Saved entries
★ ★ ★ ★ ★

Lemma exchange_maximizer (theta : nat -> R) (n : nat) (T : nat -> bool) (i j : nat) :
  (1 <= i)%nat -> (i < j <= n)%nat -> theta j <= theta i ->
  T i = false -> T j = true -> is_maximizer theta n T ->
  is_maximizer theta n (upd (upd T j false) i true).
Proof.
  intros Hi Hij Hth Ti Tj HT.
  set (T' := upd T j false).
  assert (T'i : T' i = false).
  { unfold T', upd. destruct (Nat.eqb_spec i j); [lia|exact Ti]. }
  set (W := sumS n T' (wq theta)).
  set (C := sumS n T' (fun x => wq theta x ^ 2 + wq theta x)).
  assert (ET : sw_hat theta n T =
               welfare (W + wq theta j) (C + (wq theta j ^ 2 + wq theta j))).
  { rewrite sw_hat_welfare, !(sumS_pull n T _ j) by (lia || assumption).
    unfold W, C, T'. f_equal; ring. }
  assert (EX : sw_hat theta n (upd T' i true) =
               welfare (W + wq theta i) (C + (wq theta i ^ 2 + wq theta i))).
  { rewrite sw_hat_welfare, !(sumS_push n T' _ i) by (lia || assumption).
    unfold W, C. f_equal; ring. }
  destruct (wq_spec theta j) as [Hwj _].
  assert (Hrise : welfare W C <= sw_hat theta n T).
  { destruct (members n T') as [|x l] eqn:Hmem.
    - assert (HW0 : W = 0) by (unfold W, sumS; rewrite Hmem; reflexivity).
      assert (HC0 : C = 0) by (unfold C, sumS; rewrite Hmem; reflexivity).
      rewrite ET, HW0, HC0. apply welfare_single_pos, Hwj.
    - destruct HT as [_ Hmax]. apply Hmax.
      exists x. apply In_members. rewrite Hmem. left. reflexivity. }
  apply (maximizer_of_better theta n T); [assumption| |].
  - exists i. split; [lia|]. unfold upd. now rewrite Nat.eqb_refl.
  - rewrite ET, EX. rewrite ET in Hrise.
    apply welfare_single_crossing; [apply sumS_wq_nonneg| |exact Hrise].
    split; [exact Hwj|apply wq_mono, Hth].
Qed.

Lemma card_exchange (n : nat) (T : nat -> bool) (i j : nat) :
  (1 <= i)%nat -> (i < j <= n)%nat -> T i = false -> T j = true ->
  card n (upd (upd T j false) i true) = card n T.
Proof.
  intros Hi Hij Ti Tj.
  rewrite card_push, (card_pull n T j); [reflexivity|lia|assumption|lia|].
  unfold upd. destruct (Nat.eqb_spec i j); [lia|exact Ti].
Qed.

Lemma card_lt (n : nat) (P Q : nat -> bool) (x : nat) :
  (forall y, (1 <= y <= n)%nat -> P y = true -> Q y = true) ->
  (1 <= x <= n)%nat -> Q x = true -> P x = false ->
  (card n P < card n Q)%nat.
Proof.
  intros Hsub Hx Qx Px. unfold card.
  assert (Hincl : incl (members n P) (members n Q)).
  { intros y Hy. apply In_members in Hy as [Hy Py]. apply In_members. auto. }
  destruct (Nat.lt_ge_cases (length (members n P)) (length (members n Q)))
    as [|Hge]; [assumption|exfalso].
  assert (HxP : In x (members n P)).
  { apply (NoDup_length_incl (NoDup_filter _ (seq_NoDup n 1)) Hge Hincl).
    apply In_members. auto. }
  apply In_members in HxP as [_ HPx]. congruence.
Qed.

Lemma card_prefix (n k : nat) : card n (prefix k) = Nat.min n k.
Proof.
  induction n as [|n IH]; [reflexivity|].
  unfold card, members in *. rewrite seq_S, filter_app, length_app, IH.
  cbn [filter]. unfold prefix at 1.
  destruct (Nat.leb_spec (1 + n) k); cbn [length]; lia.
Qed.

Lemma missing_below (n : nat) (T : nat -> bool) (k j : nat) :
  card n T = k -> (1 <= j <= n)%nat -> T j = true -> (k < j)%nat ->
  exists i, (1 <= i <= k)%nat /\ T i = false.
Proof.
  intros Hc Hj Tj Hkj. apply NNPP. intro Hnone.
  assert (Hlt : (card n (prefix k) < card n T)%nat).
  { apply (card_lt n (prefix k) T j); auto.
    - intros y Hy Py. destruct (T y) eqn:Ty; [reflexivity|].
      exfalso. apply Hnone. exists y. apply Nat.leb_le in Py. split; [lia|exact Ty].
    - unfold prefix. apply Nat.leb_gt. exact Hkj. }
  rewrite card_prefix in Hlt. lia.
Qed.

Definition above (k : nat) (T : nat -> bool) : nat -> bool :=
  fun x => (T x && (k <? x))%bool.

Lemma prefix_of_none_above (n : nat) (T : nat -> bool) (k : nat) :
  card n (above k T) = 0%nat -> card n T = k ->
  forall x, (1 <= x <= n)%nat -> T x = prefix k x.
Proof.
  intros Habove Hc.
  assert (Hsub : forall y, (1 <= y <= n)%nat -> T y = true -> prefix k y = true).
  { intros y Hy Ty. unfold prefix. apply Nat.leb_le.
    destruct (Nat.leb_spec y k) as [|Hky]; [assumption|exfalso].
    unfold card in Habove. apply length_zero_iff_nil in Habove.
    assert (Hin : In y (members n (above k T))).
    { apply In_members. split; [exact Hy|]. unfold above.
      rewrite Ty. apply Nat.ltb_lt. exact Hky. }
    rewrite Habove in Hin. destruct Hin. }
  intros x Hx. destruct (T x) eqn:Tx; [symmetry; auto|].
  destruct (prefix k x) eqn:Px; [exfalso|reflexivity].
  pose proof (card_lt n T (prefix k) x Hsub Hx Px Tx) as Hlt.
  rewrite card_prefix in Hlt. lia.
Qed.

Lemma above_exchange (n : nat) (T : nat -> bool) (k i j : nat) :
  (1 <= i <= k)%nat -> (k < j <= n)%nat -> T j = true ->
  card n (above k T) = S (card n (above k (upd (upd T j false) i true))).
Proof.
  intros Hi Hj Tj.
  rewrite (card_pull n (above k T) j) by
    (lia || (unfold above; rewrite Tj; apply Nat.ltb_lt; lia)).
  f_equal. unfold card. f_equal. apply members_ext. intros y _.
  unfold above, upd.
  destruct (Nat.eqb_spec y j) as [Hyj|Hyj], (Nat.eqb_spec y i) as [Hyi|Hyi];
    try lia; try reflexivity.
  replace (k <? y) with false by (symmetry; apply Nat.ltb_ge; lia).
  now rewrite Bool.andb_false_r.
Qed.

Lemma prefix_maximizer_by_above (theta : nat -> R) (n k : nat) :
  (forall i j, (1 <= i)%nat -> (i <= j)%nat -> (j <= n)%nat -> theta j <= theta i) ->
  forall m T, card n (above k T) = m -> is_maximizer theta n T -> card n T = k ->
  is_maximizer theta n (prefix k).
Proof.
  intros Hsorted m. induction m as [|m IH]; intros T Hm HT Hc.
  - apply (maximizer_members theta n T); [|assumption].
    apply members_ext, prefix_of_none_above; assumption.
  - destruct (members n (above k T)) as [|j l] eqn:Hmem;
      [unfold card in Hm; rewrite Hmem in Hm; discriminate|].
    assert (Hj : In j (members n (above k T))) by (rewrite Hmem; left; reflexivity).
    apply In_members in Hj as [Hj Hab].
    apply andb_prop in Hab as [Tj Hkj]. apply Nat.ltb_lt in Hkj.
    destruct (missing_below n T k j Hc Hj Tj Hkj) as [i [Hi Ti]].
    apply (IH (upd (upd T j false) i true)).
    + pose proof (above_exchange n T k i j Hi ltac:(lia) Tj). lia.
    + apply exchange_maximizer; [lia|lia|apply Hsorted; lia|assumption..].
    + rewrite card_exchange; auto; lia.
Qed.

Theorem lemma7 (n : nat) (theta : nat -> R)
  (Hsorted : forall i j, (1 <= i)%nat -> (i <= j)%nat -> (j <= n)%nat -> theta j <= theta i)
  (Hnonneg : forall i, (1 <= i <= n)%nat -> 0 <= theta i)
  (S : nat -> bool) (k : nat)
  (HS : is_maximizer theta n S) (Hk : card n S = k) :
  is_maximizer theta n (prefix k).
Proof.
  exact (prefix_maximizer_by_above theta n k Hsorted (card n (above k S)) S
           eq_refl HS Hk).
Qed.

★ ★ ★ ★ ★

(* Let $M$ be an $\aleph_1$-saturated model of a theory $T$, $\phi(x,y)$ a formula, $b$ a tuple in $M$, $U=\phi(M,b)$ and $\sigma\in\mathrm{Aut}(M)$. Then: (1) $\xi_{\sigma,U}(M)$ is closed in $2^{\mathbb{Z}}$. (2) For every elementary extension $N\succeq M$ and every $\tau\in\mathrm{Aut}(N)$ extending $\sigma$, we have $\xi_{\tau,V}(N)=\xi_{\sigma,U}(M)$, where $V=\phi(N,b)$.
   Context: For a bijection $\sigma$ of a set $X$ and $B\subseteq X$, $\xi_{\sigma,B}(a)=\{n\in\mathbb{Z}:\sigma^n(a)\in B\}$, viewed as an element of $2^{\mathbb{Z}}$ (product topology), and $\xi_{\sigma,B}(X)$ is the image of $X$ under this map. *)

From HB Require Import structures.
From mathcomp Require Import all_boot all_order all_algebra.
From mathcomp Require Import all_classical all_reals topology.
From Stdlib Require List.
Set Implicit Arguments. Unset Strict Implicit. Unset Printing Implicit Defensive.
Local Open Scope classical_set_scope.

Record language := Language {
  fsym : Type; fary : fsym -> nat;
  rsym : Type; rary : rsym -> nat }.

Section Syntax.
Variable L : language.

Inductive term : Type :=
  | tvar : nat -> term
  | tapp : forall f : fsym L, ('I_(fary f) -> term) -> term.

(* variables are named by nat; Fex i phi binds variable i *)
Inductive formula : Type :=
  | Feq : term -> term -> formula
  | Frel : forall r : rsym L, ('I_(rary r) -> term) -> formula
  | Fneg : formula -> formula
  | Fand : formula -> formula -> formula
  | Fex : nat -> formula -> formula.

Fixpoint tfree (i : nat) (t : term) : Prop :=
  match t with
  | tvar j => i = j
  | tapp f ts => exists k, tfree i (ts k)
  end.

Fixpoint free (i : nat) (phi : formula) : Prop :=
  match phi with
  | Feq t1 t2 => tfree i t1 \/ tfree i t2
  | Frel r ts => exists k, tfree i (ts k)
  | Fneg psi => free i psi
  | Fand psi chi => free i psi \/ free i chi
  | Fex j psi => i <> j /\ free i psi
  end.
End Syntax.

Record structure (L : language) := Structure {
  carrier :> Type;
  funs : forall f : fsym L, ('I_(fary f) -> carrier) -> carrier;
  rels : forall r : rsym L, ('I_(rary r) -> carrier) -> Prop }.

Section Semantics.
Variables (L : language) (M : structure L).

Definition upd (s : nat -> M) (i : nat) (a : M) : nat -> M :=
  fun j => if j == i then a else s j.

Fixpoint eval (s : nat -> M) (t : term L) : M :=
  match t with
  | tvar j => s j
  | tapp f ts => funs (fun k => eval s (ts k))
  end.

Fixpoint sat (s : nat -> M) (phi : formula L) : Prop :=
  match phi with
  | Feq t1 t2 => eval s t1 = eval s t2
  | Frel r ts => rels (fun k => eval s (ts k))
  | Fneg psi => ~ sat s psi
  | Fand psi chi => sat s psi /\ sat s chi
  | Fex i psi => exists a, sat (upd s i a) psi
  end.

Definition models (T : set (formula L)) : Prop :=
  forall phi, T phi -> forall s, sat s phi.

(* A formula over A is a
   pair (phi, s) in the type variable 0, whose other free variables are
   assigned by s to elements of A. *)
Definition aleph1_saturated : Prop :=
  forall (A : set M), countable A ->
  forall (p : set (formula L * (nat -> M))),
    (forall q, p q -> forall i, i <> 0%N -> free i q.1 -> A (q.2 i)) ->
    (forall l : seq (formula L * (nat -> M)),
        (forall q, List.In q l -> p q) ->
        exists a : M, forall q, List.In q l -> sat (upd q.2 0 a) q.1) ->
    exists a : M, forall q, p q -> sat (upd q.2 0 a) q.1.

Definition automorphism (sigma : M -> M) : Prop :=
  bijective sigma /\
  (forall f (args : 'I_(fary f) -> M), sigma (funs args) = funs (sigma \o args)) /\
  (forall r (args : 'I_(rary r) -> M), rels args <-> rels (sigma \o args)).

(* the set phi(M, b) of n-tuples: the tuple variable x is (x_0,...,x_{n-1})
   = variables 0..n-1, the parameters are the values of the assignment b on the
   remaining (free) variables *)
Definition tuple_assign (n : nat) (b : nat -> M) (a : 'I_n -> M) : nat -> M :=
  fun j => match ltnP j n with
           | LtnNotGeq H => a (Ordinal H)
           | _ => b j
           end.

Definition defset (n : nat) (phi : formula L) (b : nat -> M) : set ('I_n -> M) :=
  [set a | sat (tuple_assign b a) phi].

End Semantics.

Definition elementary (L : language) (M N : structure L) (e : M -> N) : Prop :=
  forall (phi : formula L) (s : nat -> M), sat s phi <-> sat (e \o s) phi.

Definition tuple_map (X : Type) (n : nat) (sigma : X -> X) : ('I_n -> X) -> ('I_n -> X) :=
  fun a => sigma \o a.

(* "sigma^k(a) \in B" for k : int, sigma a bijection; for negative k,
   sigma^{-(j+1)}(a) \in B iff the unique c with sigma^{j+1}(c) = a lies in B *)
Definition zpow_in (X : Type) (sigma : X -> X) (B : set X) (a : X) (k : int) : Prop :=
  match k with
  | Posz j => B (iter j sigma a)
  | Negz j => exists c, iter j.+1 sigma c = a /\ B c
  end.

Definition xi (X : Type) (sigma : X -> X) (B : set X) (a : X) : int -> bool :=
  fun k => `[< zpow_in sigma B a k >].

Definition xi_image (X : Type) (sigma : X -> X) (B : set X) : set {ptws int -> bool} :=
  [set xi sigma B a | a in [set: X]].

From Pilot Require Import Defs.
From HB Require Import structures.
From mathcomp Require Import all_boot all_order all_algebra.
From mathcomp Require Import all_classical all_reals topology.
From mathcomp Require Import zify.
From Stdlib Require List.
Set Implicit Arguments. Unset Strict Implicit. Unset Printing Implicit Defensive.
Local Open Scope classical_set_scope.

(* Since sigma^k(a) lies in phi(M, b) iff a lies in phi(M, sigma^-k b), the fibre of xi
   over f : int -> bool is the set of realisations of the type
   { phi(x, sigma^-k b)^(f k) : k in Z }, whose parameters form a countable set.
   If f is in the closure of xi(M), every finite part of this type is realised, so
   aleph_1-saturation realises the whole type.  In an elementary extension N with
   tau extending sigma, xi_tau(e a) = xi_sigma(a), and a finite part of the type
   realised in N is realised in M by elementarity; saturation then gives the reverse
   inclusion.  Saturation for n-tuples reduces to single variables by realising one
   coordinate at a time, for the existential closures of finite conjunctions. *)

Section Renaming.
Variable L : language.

★ ★ ★ ★ ★

__What you are asked to do__.
Give the exact lines, and only those, from the line containing "- exists i." through the line containing "- intros y Hy" in the entries above.

__Response to the task__.
  - exists i. split; [lia|]. unfold upd. now rewrite Nat.eqb_refl.
  - rewrite ET, EX. rewrite ET in Hrise.
    apply welfare_single_crossing; [apply sumS_wq_nonneg| |exact Hrise].
    split; [exact Hwj|apply wq_mono, Hth].
Qed.

Lemma card_exchange (n : nat) (T : nat -> bool) (i j : nat) :
  (1 <= i)%nat -> (i < j <= n)%nat -> T i = false -> T j = true ->
  card n (upd (upd T j false) i true) = card n T.
Proof.
  intros Hi Hij Ti Tj.
  rewrite card_push, (card_pull n T j); [reflexivity|lia|assumption|lia|].
  unfold upd. destruct (Nat.eqb_spec i j); [lia|exact Ti].
Qed.

Lemma card_lt (n : nat) (P Q : nat -> bool) (x : nat) :
  (forall y, (1 <= y <= n)%nat -> P y = true -> Q y = true) ->
  (1 <= x <= n)%nat -> Q x = true -> P x = false ->
  (card n P < card n Q)%nat.
Proof.
  intros Hsub Hx Qx Px. unfold card.
  assert (Hincl : incl (members n P) (members n Q)).
  { intros y Hy. apply In_members in Hy as [Hy Py]. apply In_members. auto. }
  destruct (Nat.lt_ge_cases (length (members n P)) (length (members n Q)))
    as [|Hge]; [assumption|exfalso].
  assert (HxP : In x (members n P)).
  { apply (NoDup_length_incl (NoDup_filter _ (seq_NoDup n 1)) Hge Hincl).
    apply In_members. auto. }
  apply In_members in HxP as [_ HPx]. congruence.
Qed.

Lemma card_prefix (n k : nat) : card n (prefix k) = Nat.min n k.
Proof.
  induction n as [|n IH]; [reflexivity|].
  unfold card, members in *. rewrite seq_S, filter_app, length_app, IH.
  cbn [filter]. unfold prefix at 1.
  destruct (Nat.leb_spec (1 + n) k); cbn [length]; lia.
Qed.

Lemma missing_below (n : nat) (T : nat -> bool) (k j : nat) :
  card n T = k -> (1 <= j <= n)%nat -> T j = true -> (k < j)%nat ->
  exists i, (1 <= i <= k)%nat /\ T i = false.
Proof.
  intros Hc Hj Tj Hkj. apply NNPP. intro Hnone.
  assert (Hlt : (card n (prefix k) < card n T)%nat).
  { apply (card_lt n (prefix k) T j); auto.
    - intros y Hy Py. destruct (T y) eqn:Ty; [reflexivity|].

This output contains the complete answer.